You can either work on a Cluster Mode (where files are read/written over HDFS), or Local Mode (where
files are read/written over local file system). This should not affect your code design, i.e., in either case
your code should be designed with the highest degree of parallelization possible.
Spark Virtual Machine
You can either build your own VM or work with the one provided to you (See below).
3
Problem 1 SparkSQL (Transaction Data Processing)  
Use the Transaction dataset T that you created in Project 1 and create a Spark workflow to do
the following. [Use SparkSQL to write this workflow.]

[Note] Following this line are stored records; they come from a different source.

Theorem is_RInt_gen_series :
  is_RInt_gen series_fun (Rbar_locally m_infty) (Rbar_locally p_infty)
    (Series (fun l => a l * I l)).
Proof.
  apply (is_RInt_gen_iff_RInt _ _ _ _). intros eps.
  assert (Heps : 0 < eps / 5) by (pose proof (cond_pos eps); lra).
  destruct (Series_tail_lt _ (eps / 5) abs_a_I_summable Heps) as [N0 HN0].
  set (rho := eps / 5 / INR (S N0)).
  assert (Hrho : 0 < rho) by (apply Rdiv_lt_0_compat; [lra|apply lt_0_INR; lia]).
  assert (Hhead : filter_prod (Rbar_locally m_infty) (Rbar_locally p_infty) (fun ab =>
    forall l, (l <= N0)%nat -> Rabs (a l) * Rabs (RInt (h l) (fst ab) (snd ab) - I l) <= rho)).
  { apply (filter_forall_le _
      (fun l ab => Rabs (a l) * Rabs (RInt (h l) (fst ab) (snd ab) - I l) <= rho)).
    intros l. pose proof (Rabs_pos (a l)).
    assert (Hdelta : 0 < rho / (Rabs (a l) + 1)) by (apply Rdiv_lt_0_compat; lra).
    eapply filter_imp; [|exact (proj1 (is_RInt_gen_iff_RInt _ _ _ _) (h_integral l)
                                  (mkposreal _ Hdelta))].
    intros ab [_ Hlt]. simpl in Hlt.
    apply Rle_trans with (Rabs (a l) * (rho / (Rabs (a l) + 1))); [apply Rmult_le_compat_l; lra|].
    apply (Rmult_le_reg_r (Rabs (a l) + 1)); [lra|].
    replace (Rabs (a l) * (rho / (Rabs (a l) + 1)) * (Rabs (a l) + 1))
      with (Rabs (a l) * rho) by (field; lra).
    nra. }
  assert (Hsign : filter_prod (Rbar_locally m_infty) (Rbar_locally p_infty)
    (fun ab => fst ab < 0 < snd ab)).
  { apply (Filter_prod _ _ _ (fun x => x < 0) (fun y => 0 < y)); [exists 0|exists 0|]; auto. }
  eapply filter_imp; [|exact (filter_and _ _ Hhead Hsign)].
  intros [x y] [Hhd [Hx Hy]]; cbn [fst snd] in *.
  split; [apply ex_RInt_series_fun|].
  apply (Rabs_RInt_series_fun_sub_lt eps N0); auto; [apply cond_pos|lra].
Qed.

End TermwiseIntegration.

Definition weight (n : nat) (t : R) : R := exp (- (t ^ (2 * n)) / (2 * INR n)).
Definition moment_integrand (n l : nat) (t : R) : R := t ^ (2 * n * l) * weight n t.
Definition partial_moment (n l : nat) (y : R) : R := RInt (moment_integrand n l) 0 y.

Lemma weight_pos n t : 0 < weight n t.
Proof. apply exp_pos. Qed.

Lemma weight_even n t : weight n (- t) = weight n t.
Proof. unfold weight. rewrite pow_even_opp. reflexivity. Qed.

Lemma continuous_moment_integrand n l t : continuous (moment_integrand n l) t.
Proof.
  apply (ex_derive_continuous (V:=R_NormedModule)). unfold moment_integrand, weight.
  auto_derive. auto.
Qed.

Lemma ex_RInt_moment_integrand n l x y : ex_RInt (moment_integrand n l) x y.
Proof.
  apply (ex_RInt_continuous (V:=R_CompleteNormedModule)).
  intros; apply continuous_moment_integrand.
Qed.

Lemma moment_integrand_even n l t : moment_integrand n l (- t) = moment_integrand n l t.
Proof.
  unfold moment_integrand. rewrite weight_even, <- Nat.mul_assoc, pow_even_opp.
  reflexivity.
Qed.

Lemma moment_integrand_nonneg n l t : 0 <= moment_integrand n l t.
Proof.
  unfold moment_integrand. rewrite <- Nat.mul_assoc.
  apply Rmult_le_pos; [apply pow_even_nonneg|left; apply weight_pos].
Qed.

Lemma RInt_moment_integrand_eq n l x y :
  RInt (moment_integrand n l) x y = partial_moment n l y - partial_moment n l x.
Proof.
  unfold partial_moment.
  assert (Hchasles : RInt (moment_integrand n l) 0 x + RInt (moment_integrand n l) x y
                     = RInt (moment_integrand n l) 0 y)
    by (apply (RInt_Chasles (V:=R_CompleteNormedModule)); apply ex_RInt_moment_integrand).
  lra.
Qed.

Lemma partial_moment_mono n l x y : x <= y -> partial_moment n l x <= partial_moment n l y.
Proof.
  intros Hxy.
  assert (0 <= RInt (moment_integrand n l) x y); [|rewrite RInt_moment_integrand_eq in *; lra].
  apply RInt_ge_0; [exact Hxy|apply ex_RInt_moment_integrand|intros; apply moment_integrand_nonneg].
Qed.

Lemma partial_moment_0 n l : partial_moment n l 0 = 0.
Proof. apply (RInt_point (V:=R_CompleteNormedModule)). Qed.

Lemma partial_moment_opp n l y : partial_moment n l (- y) = - partial_moment n l y.
Proof.
  unfold partial_moment.
  pose proof (is_RInt_comp_opp (V:=R_NormedModule) (moment_integrand n l) 0 y _
    (RInt_correct (V:=R_CompleteNormedModule) _ _ _ (ex_RInt_moment_integrand n l (- 0) (- y))))
    as Hopp.
  rewrite Ropp_0 in Hopp. rewrite <- (is_RInt_unique _ _ _ _ Hopp).
  rewrite (RInt_ext _ (fun t => opp (moment_integrand n l t)))
    by (intros; rewrite moment_integrand_even; reflexivity).
  apply (RInt_opp (V:=R_CompleteNormedModule)), ex_RInt_moment_integrand.
Qed.

Section Moments.

Variable n : nat.
Hypothesis hn : (1 <= n)%nat.

Lemma two_n_pos : 0 < 2 * INR n.
Proof. apply le_INR in hn. simpl in hn. lra. Qed.

Lemma weight_le_compat s t : Rabs s <= Rabs t -> weight n t <= weight n s.
Proof.
  intros Hst. unfold weight, Rdiv.
  apply exp_le_compat. rewrite <- !Ropp_mult_distr_l. apply Ropp_le_contravar.
  apply Rmult_le_compat_r; [left; apply Rinv_0_lt_compat, two_n_pos|].
  apply pow_even_le, Hst.
Qed.

Lemma weight_le_1 t : weight n t <= 1.
Proof.
  replace 1 with (weight n 0) by (unfold weight; rewrite pow_i by lia;
    rewrite Ropp_0, Rdiv_0_l; apply exp_0).
  apply weight_le_compat. rewrite Rabs_R0. apply Rabs_pos.
Qed.

Lemma moment_integrand_le_pow l t B : Rabs t <= B -> moment_integrand n l t <= B ^ (2 * n * l).
Proof.
  intros HtB. unfold moment_integrand. rewrite <- !Nat.mul_assoc.
  assert (HB : Rabs t <= Rabs B) by (rewrite (Rabs_pos_eq B); pose proof (Rabs_pos t); lra).
  pose proof (pow_even_le t B (n * l) HB). pose proof (pow_even_nonneg t (n * l)).
  pose proof (weight_le_1 t). pose proof (weight_pos n t). nra.
Qed.

Lemma pow_mul_weight_le j t : 1 <= t ->
  t ^ j * weight n t <= INR (Factorial.fact j) * (2 * INR n) ^ j.
Proof.
  (* With y = t^(2n)/(2n): t^j <= t^(2nj) = (2n)^j y^j and y^j <= j! e^y = j! / weight n t. *)
  intros Ht. pose proof two_n_pos as Hm.
  set (y := t ^ (2 * n) / (2 * INR n)).
  assert (Hy : 0 <= y) by (apply Rdiv_le_0_compat; [apply pow_even_nonneg|exact Hm]).
  assert (Hw : weight n t * exp y = 1).
  { unfold weight, y. rewrite <- exp_plus, <- exp_0. f_equal. field. lra. }
  assert (Htj : t ^ j <= y ^ j * (2 * INR n) ^ j).
  { rewrite <- Rpow_mult_distr.
    replace (y * (2 * INR n)) with (t ^ (2 * n)) by (unfold y; field; lra).
    rewrite <- pow_mult. apply Rle_pow; [exact Ht|].
    replace j with (1 * j)%nat at 1 by lia. apply Nat.mul_le_mono_r. lia. }
  pose proof (pow_le_fact_mul_exp y j Hy). pose proof (weight_pos n t).
  pose proof (pow_le (2 * INR n) j (Rlt_le _ _ Hm)).
  apply Rle_trans with (INR (Factorial.fact j) * exp y * (2 * INR n) ^ j * weight n t).
  - apply Rmult_le_compat_r; [lra|]. eapply Rle_trans; [exact Htj|].
    apply Rmult_le_compat_r; lra.
  - right. replace (INR (Factorial.fact j) * exp y * (2 * INR n) ^ j * weight n t)
      with (INR (Factorial.fact j) * (2 * INR n) ^ j * (weight n t * exp y)) by ring.
    rewrite Hw. ring.
Qed.
(* For all $n\ge2$, $B(n)=a(n-2)+2$.
   Context: $\mathbb{N}=\{0,1,2,\dots\}$. Quet's sequence $A:\mathbb{N}\to\mathbb{N}$ is defined by $A(0)=0$, $A(1)=1$, and for $n\ge1$, $A(n+1)$ is the least natural number such that $A(n+1)\notin\{A(0),\dots,A(n)\}$ and $\sum_{0\le i\le n+1}A(i)\equiv 0 \pmod{n}$. Define $B(0)=0$, $B(1)=1$, and $B(n)=\frac{1}{n-1}\sum_{0\le i\le n}A(i)$ for $n\ge2$ (an integer by the defining congruence); first values $B=0,1,3,3,4,4,5,5,6,7,7,\dots$. Hofstadter's ''married'' sequences $a,b:\mathbb{N}\to\mathbb{N}$ are defined by $a(0)=1$, $b(0)=0$ and, for $n\ge1$, $b(n)=n-a(b(n-1))$ and $a(n)=n-b(a(n-1))$ (computing $b(n)$ before $a(n)$ at each step); first values $a=1,1,2,2,3,3,4,5,5,6,6,\dots$. *)

From mathcomp Require Import all_boot.
Set Implicit Arguments. Unset Strict Implicit. Unset Printing Implicit Defensive.

(* Given s = [:: A 0; ...; A m] (m >= 1), the value A (m+1) is the least
   natural number x with x \notin s and (sumn s + x) = 0 mod m.
   The search range [0, (m+2)^2) is sufficient: the admissible residue class
   r mod m (r < m) contains the m+2 numbers r, r+m, ..., r+(m+1)m, all
   < m(m+2) <= (m+2)^2, and at most m+1 of them occur in s.  Hence the head of
   the filtered list below is exactly the least admissible number. *)
Definition quet_next (m : nat) (s : seq nat) : nat :=
  head 0 [seq x <- iota 0 ((m.+2) * (m.+2)) |
           (x \notin s) && ((sumn s + x) %% m == 0)].

Fixpoint quet_upto (n : nat) : seq nat :=
  match n with
  | 0 => [:: 0]
  | 1 => [:: 0; 1]
  | (k.+1 as m).+1 => let s := quet_upto m in rcons s (quet_next m s)
  end.

Definition quetA (n : nat) : nat := nth 0 (quet_upto n) n.

Definition quetB (n : nat) : nat :=
  if n < 2 then n else (\sum_(0 <= i < n.+1) quetA i) %/ (n - 1).

Fixpoint hof_upto (n : nat) : seq nat * seq nat :=
  match n with
  | 0 => ([:: 1], [:: 0])
  | m.+1 =>
      let (la, lb) := hof_upto m in
      let bn := m.+1 - nth 0 la (nth 0 lb m) in
      let lb' := rcons lb bn in
      let an := m.+1 - nth 0 lb' (nth 0 la m) in
      (rcons la an, lb')
  end.

Definition hof_a (n : nat) : nat := nth 0 (hof_upto n).1 n.
Definition hof_b (n : nat) : nat := nth 0 (hof_upto n).2 n.

From mathcomp Require Import all_boot zify.
Lemma alzer_zeta : nonconstant n e -> 0 < zeta (-1) - zeta 1 - 2 * zeta 0 * moment 1 0.
Proof.
  intros Hnc.
  pose proof (odd_part_pos_of_third_derive_neg zeta (fun z => - zeta z * moment 1 z)
    (fun z => zeta z * (moment 1 z ^ 2 - moment 2 z))
    (fun z => zeta z * (3 * moment 1 z * moment 2 z - moment 1 z ^ 3 - 2 * moment 3 z)) 1)
    as Hodd.
  replace (- 1) with (-1) in Hodd by ring.
  enough (0 < zeta (-1) - zeta 1 + 2 * 1 * (- zeta 0 * moment 1 0)) by lra.
  apply Hodd; [lra | intros y Hy .. ].
  - apply is_derive_zeta; lra.
  - apply is_derive_zeta_1; lra.
  - apply is_derive_zeta_2; lra.
  - apply zeta_third_derive_neg; [lra | exact Hnc].
Qed.

End Alzer.

(** * Means of x and 1 - x *)

Section ComplementaryMeans.
Variable n : nat.
Variable x : nat -> R.
Hypothesis Hn : (1 <= n)%nat.
Hypothesis Hx : forall i, (i < n)%nat -> 0 < x i <= 1/2.

Lemma AM'_eq : AM' n x = 1 - AM n x.
Proof.
  unfold AM'. rewrite (AM_ext n _ (fun i => 1 + -1 * x i)) by (intros; ring).
  rewrite AM_plus, AM_const, AM_scal by exact Hn. ring.
Qed.

Lemma AM_bounds : 0 < AM n x <= 1/2.
Proof.
  split.
  - apply (AM_pos n Hn x 0); [lia | intros i Hi; left | ]; apply Hx; lia.
  - rewrite <- (AM_const n Hn (1/2)). apply AM_le; [exact Hn|]. intros i Hi; apply Hx, Hi.
Qed.

Lemma GM'_eq_exp : GM' n x = exp (AM n (fun i => ln (1 - x i))).
Proof. apply GM_eq_exp; [exact Hn|]. intros i Hi. pose proof (Hx i Hi). lra. Qed.
(* Let $n$ be a positive integer, let $\mathfrak A=(A_1,\dots,A_k)$ be an ordered partition of $[n]$ into nonempty blocks with length-vector $(\ell_1,\dots,\ell_{k-1})=(|A_1|,\dots,|A_{k-1}|)$, and let $\mathbf a\colon[n]\to[n]$ be such that $\operatorname{coim}(\mathbf a)=\mathfrak A$. Then $\mathbf a$ is a parking function if and only if $\operatorname{rim}(\mathbf a)\in\langle\ell_1,\dots,\ell_{k-1}\rangle$; and $\mathbf a$ is a parking function with $\operatorname{run}(\mathbf a)=r$ if and only if $\operatorname{rim}(\mathbf a)=(0,1,\dots,r-1,x_{r+1},\dots,x_k)$ for some integers $x_{r+1},\dots,x_k$ with $$(0,x_{r+1}-r,\dots,x_k-r)\in\Big\langle \Big(\sum_{i=1}^r\ell_i\Big)-r,\ \ell_{r+1},\dots,\ell_{k-1}\Big\rangle.$$
   Context: Let $[n]=\{1,\dots,n\}$. A parking function of length $n$ is $\mathbf a=(a_1,\dots,a_n)\in[n]^n$ with $|\{j:a_j\le i\}|\ge i$ for every $i\in[n]$. If $1\in\{a_1,\dots,a_n\}$, $\operatorname{run}(\mathbf a)=\max\{i\in[n]:[i]\subseteq\{a_1,\dots,a_n\}\}$; otherwise $\operatorname{run}(\mathbf a)=0$. If $\{a_1,\dots,a_n\}=\{x_1<\dots<x_k\}$, the reduced image is $\operatorname{rim}(\mathbf a)=(x_1-1,\dots,x_k-1)$, and the coimage $\operatorname{coim}(\mathbf a)$ is the set of fibers $\mathbf a^{-1}(\{x_j\})$, ordered by increasing value $x_j$, viewed as an ordered partition of $[n]$. For integers $\ell_1,\dots,\ell_m$ with partial sums $L_i=\ell_1+\dots+\ell_i$, $\langle\ell_1,\dots,\ell_m\rangle=\{(x_0,\dots,x_m)\in\mathbb Z^{m+1}: x_0=0,\ x_{i-1}<x_i\le L_i\ \forall\, 1\le i\le m\}$. *)

From HB Require Import structures.
From mathcomp Require Import all_boot all_order all_algebra.
From mathcomp Require Import finmap.
Set Implicit Arguments. Unset Strict Implicit. Unset Printing Implicit Defensive.
Import Order.TTheory GRing.Theory Num.Theory.
Local Open Scope fset_scope.
Local Open Scope ring_scope.
Local Open Scope nat_scope.
(* Let $p,p'\ge1$ with $|p-p'|=1$ and let $X=\alpha_{(p,p')}(Y)$ where $Y=y_1y_2\cdots$ is a Sturmian word in which $bb$ does not occur. An occurrence of the letter $b$ in $X$ (as a palindrome center) is original if and only if it is the first letter $b$ of $\alpha(y_jy_{j+1})$ (i.e. the last letter of $\alpha(y_j)$) for some $j$ with $y_j\neq y_{j+1}$.
   Context: $\alpha_{(p,p')}$ is the morphism $a\mapsto a^pb$, $b\mapsto a^{p'}b$. A Sturmian word is a right-infinite aperiodic word over $\{a,b\}$ with exactly $n+1$ factors of each length $n$. A center occurrence in a word is an occurrence of one of the factors $a$, $b$, $aa$. Write $X=\alpha(y_1)\alpha(y_2)\cdots$, with $\alpha(y_j)$ occupying positions $s_j+1,\dots,s_j+|\alpha(y_j)|$, $s_j=\sum_{t<j}|\alpha(y_t)|$. Reflections: the reflection of an occurrence $y_j=a$ (resp. $b$) is the center (middle letter if odd length, middle two letters if even length) of the run $a^p$ (resp. $a^{p'}$) at positions $s_j+1,\dots,s_j+p$ (resp. $s_j+p'$); the reflection of an occurrence $y_jy_{j+1}=aa$ is the letter $b$ at position $s_j+p+1$. A center occurrence of $X$ is original if it is not the reflection of any center occurrence of $Y$. *)

(* Words are 0-indexed: W : nat -> letter, W i = letter at position i. *)
From HB Require Import structures.
From mathcomp Require Import all_boot.
Set Implicit Arguments. Unset Strict Implicit. Unset Printing Implicit Defensive.

Inductive letter := a | b.

Definition eqletter (x y : letter) : bool :=
  match x, y with a, a | b, b => true | _, _ => false end.
Lemma eqletterP : Equality.axiom eqletter.
Proof. by case; case; constructor. Qed.
HB.instance Definition _ := hasDecEq.Build letter eqletterP.

Definition word := nat -> letter.

Definition factor (W : word) (i n : nat) : seq letter := mkseq (fun k => W (i + k)) n.

Definition aperiodic (W : word) : Prop :=
  ~ (exists N P, 0 < P /\ forall i, N <= i -> W (i + P) = W i).

Definition sturmian (W : word) : Prop :=
  aperiodic W /\
  forall n, exists l : seq (seq letter),
    uniq l /\ size l = n.+1 /\
    forall w, (w \in l) <-> (exists i, w = factor W i n).

Definition alpha (p p' : nat) (x : letter) : seq letter :=
  match x with a => rcons (nseq p a) b | b => rcons (nseq p' a) b end.

(* s_j = sum_{t<j} |alpha(y_t)|; alpha(y_j) occupies (0-indexed) positions
   s_j, ..., s_j + |alpha(y_j)| - 1 of X *)
Definition spos (p p' : nat) (Y : word) (j : nat) : nat :=
  \sum_(t < j) size (alpha p p' (Y t)).

Definition is_image (p p' : nat) (Y X : word) : Prop :=
  forall j k, k < size (alpha p p' (Y j)) ->
    X (spos p p' Y j + k) = nth a (alpha p p' (Y j)) k.

Definition center_occ (W : word) (i n : nat) : Prop :=
  factor W i n = [:: a] \/ factor W i n = [:: b] \/ factor W i n = [:: a; a].

(* center of the run at positions st, ..., st+L-1: the middle letter if L odd,
   the middle two letters if L even; returned as (start, length) *)
Definition run_center (st L : nat) : nat * nat :=
  (st + (L.-1)./2, if odd L then 1 else 2).

Definition reflects (p p' : nat) (Y : word) (j n i m : nat) : Prop :=
  (factor Y j n = [:: a] /\ (i, m) = run_center (spos p p' Y j) p) \/
  (factor Y j n = [:: b] /\ (i, m) = run_center (spos p p' Y j) p') \/
  (factor Y j n = [:: a; a] /\ i = spos p p' Y j + p /\ m = 1).

Definition original (p p' : nat) (Y X : word) (i m : nat) : Prop :=
  center_occ X i m /\
  ~ (exists j n, center_occ Y j n /\ reflects p p' Y j n i m).

From mathcomp Require Import all_boot zify.

Set Implicit Arguments.
Unset Strict Implicit.

(* In [X = alpha(Y)] every letter [b] of [X] closes a block [alpha(y_j)], while
   the reflection of a center [a] or [b] of [Y] is the middle of a run of [a]'s.
   Hence the only reflections landing on a [b] are those of factors [aa], and
   the reflection of [y_j y_(j+1) = aa] is the last letter of [alpha(y_j)]. So
   the last letter of [alpha(y_j)] is original exactly when [y_j y_(j+1)] is
   not [aa], i.e. (as [bb] does not occur) when [y_j <> y_(j+1)]. *)

Lemma size_alpha p p' x : size (alpha p p' x) = (if x is a then p else p').+1.
Proof. by case: x; rewrite /= size_rcons size_nseq. Qed.

Lemma nth_alpha p p' x k : k < size (alpha p p' x) ->
  nth a (alpha p p' x) k = if k == (size (alpha p p' x)).-1 then b else a.
Proof.
rewrite size_alpha ltnS; case: x => /= k_le.
- by rewrite nth_rcons size_nseq nth_nseq; case: ltngtP k_le => // /ltn_geF ->.
- by rewrite nth_rcons size_nseq nth_nseq; case: ltngtP k_le => // /ltn_geF ->.
Qed.

Lemma half_pred_lt q : 0 < q -> (q.-1)./2 < q.
Proof. by move=> q_gt0; rewrite ltn_half_double -muln2; lia. Qed.

Lemma factor_singleton (W : word) i n x : factor W i n = [:: x] -> W i = x.
Proof. by case: n => [|[|]] // [<-]; rewrite addn0. Qed.

Lemma factor_pair (W : word) i n x y :
  factor W i n = [:: x; y] -> W i = x /\ W i.+1 = y.
Proof. by case: n => [|[|[|]]] // [<- <-]; rewrite addn0 addn1. Qed.

Section Positions.

Variables (p p' : nat) (Y : word).

Local Notation spos := (spos p p' Y).

Definition last_pos j := spos j + (size (alpha p p' (Y j))).-1.

Lemma spos0 : spos 0 = 0.
Proof. by rewrite /spos big_ord0. Qed.

Lemma sposS j : spos j.+1 = spos j + size (alpha p p' (Y j)).
Proof. by rewrite /spos big_ord_recr. Qed.

Lemma last_posE j : last_pos j = (spos j.+1).-1.
Proof. by rewrite /last_pos sposS size_alpha addnS. Qed.

Lemma spos_increasing : {homo spos : j k / j < k}.
Proof.
have step j : spos j < spos j.+1 by rewrite sposS size_alpha addnS ltnS leq_addr.
exact: homo_ltn ltn_trans step.
Qed.

Lemma spos_inj : injective spos.
Proof.
move=> j k eq_jk; case: (ltngtP j k) => // /spos_increasing; by rewrite eq_jk ltnn.
Qed.

Lemma last_pos_inj : injective last_pos.
Proof.
have spos_gt0 j : 0 < spos j.+1 by rewrite -spos0 spos_increasing.
move=> j k; rewrite !last_posE => /(congr1 succn).
by rewrite !prednK // => /spos_inj/succn_inj.
Qed.

Lemma spos_block i : exists j, spos j <= i < spos j.+1.
Proof.
elim: i => [|i [j /andP [le_ji lt_ij]]].
  by exists 0; rewrite sposS spos0 size_alpha.
case: (ltngtP i.+1 (spos j.+1)) => [lt_ij'|gt_ij|eq_ij].
- by exists j; rewrite lt_ij' ltnW.
- by rewrite ltnNge lt_ij in gt_ij.
- by exists j.+1; rewrite eq_ij leqnn (sposS j.+1) size_alpha addnS ltnS leq_addr.
Qed.

Variable X : word.
Hypothesis imYX : is_image p p' Y X.

Lemma image_letter j k : k < size (alpha p p' (Y j)) ->
  X (spos j + k) = if k == (size (alpha p p' (Y j))).-1 then b else a.
Proof. by move=> lt_k; rewrite imYX // nth_alpha. Qed.

Lemma last_pos_letter j : X (last_pos j) = b.
Proof. by rewrite /last_pos image_letter ?eqxx // size_alpha. Qed.

Lemma run_letter j k : k < (if Y j is a then p else p') -> X (spos j + k) = a.
Proof.
move=> lt_k; rewrite image_letter size_alpha /= ?ltn_eqF //.
exact: ltnW.
Qed.

Lemma b_at_last_pos i : X i = b -> exists j, i = last_pos j.
Proof.
have [j /andP [le_ji lt_ij]] := spos_block i.
have lt_k : i - spos j < size (alpha p p' (Y j)) by rewrite ltn_subLR // -sposS.
have := image_letter lt_k; rewrite subnKC //; case: eqP => [eq_k _ _ | _ -> //].
by exists j; rewrite /last_pos -eq_k subnKC.
Qed.

Lemma last_pos_aa j : Y j = a -> last_pos j = spos j + p.
Proof. by move=> Yj; rewrite /last_pos size_alpha Yj. Qed.

Lemma aa_reflects_onto_last_pos j : Y j = a -> Y j.+1 = a ->
  center_occ Y j 2 /\ reflects p p' Y j 2 (last_pos j) 1.
Proof.
move=> Yj Yj1; have aa : factor Y j 2 = [:: a; a].
  by rewrite /factor /mkseq /= addn0 addn1 Yj Yj1.
by split; [right; right | right; right; rewrite last_pos_aa].
Qed.

Lemma reflects_onto_last_pos (p_gt0 : 0 < p) (p'_gt0 : 0 < p') j n k :
  reflects p p' Y j n (last_pos k) 1 -> Y k = a /\ Y k.+1 = a.
Proof.
have not_run_center :
    (last_pos k, 1) <> run_center (spos j) (if Y j is a then p else p').
  move=> [eq_pos _]; have := last_pos_letter k.
  by rewrite eq_pos run_letter //; case: (Y j); apply: half_pred_lt.
case=> [[/factor_singleton Yj eq_c] | [[/factor_singleton Yj eq_c] |
         [/factor_pair [Yj Yj1] [eq_pos _]]]].
- by case: not_run_center; rewrite Yj.
- by case: not_run_center; rewrite Yj.
- by move: eq_pos; rewrite -last_pos_aa // => /last_pos_inj ->.
Qed.

End Positions.

Theorem corollary1 (p p' : nat) (Y X : word) :
  1 <= p -> 1 <= p' -> (p = p'.+1 \/ p' = p.+1) ->
  sturmian Y ->
  (forall j, ~ (Y j = b /\ Y j.+1 = b)) ->
  is_image p p' Y X ->
  forall i, X i = b ->
    (original p p' Y X i 1 <->
     exists j, i = spos p p' Y j + (size (alpha p p' (Y j))).-1 /\ Y j <> Y j.+1).
Proof.
move=> p_gt0 p'_gt0 _ _ no_bb imYX i Xi; split.
- case=> _; have [j ->] := b_at_last_pos imYX Xi => not_reflection.
  exists j; split=> // eq_Y; apply: not_reflection; exists j, 2.
  have Yj : Y j = a.
    by case Yj_b: (Y j) eq_Y => // eq_Y; case: (no_bb j); rewrite -eq_Y.
  by apply: aa_reflects_onto_last_pos; rewrite -?eq_Y.
- case=> j [eq_i neq_Y]; split.
    by right; left; rewrite /factor /mkseq /= addn0 Xi.
  rewrite eq_i => -[j' [n [_ /(reflects_onto_last_pos imYX p_gt0 p'_gt0) [Yj Yj1]]]].
  by apply: neq_Y; rewrite Yj Yj1.
Qed.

Start with T as a dataframe.
1) T1: Filter out (drop) the transactions from T whose total amount is less than $200
2) T2: Over T1, group the transactions by the Number of Items it has, and for each group
calculate the sum of total amounts, the average of total amounts, the min and the max of
the total amounts.
3) Report back T2 to the client side
4) T3: Over T1, group the transactions by customer ID, and for each group report the
customer ID, and the transactions’ count.
5) T4: Filter out (drop) the transactions from T whose total amount is less than $600
6) T5: Over T4, group the transactions by customer ID, and for each group report the
customer ID, and the transactions’ count.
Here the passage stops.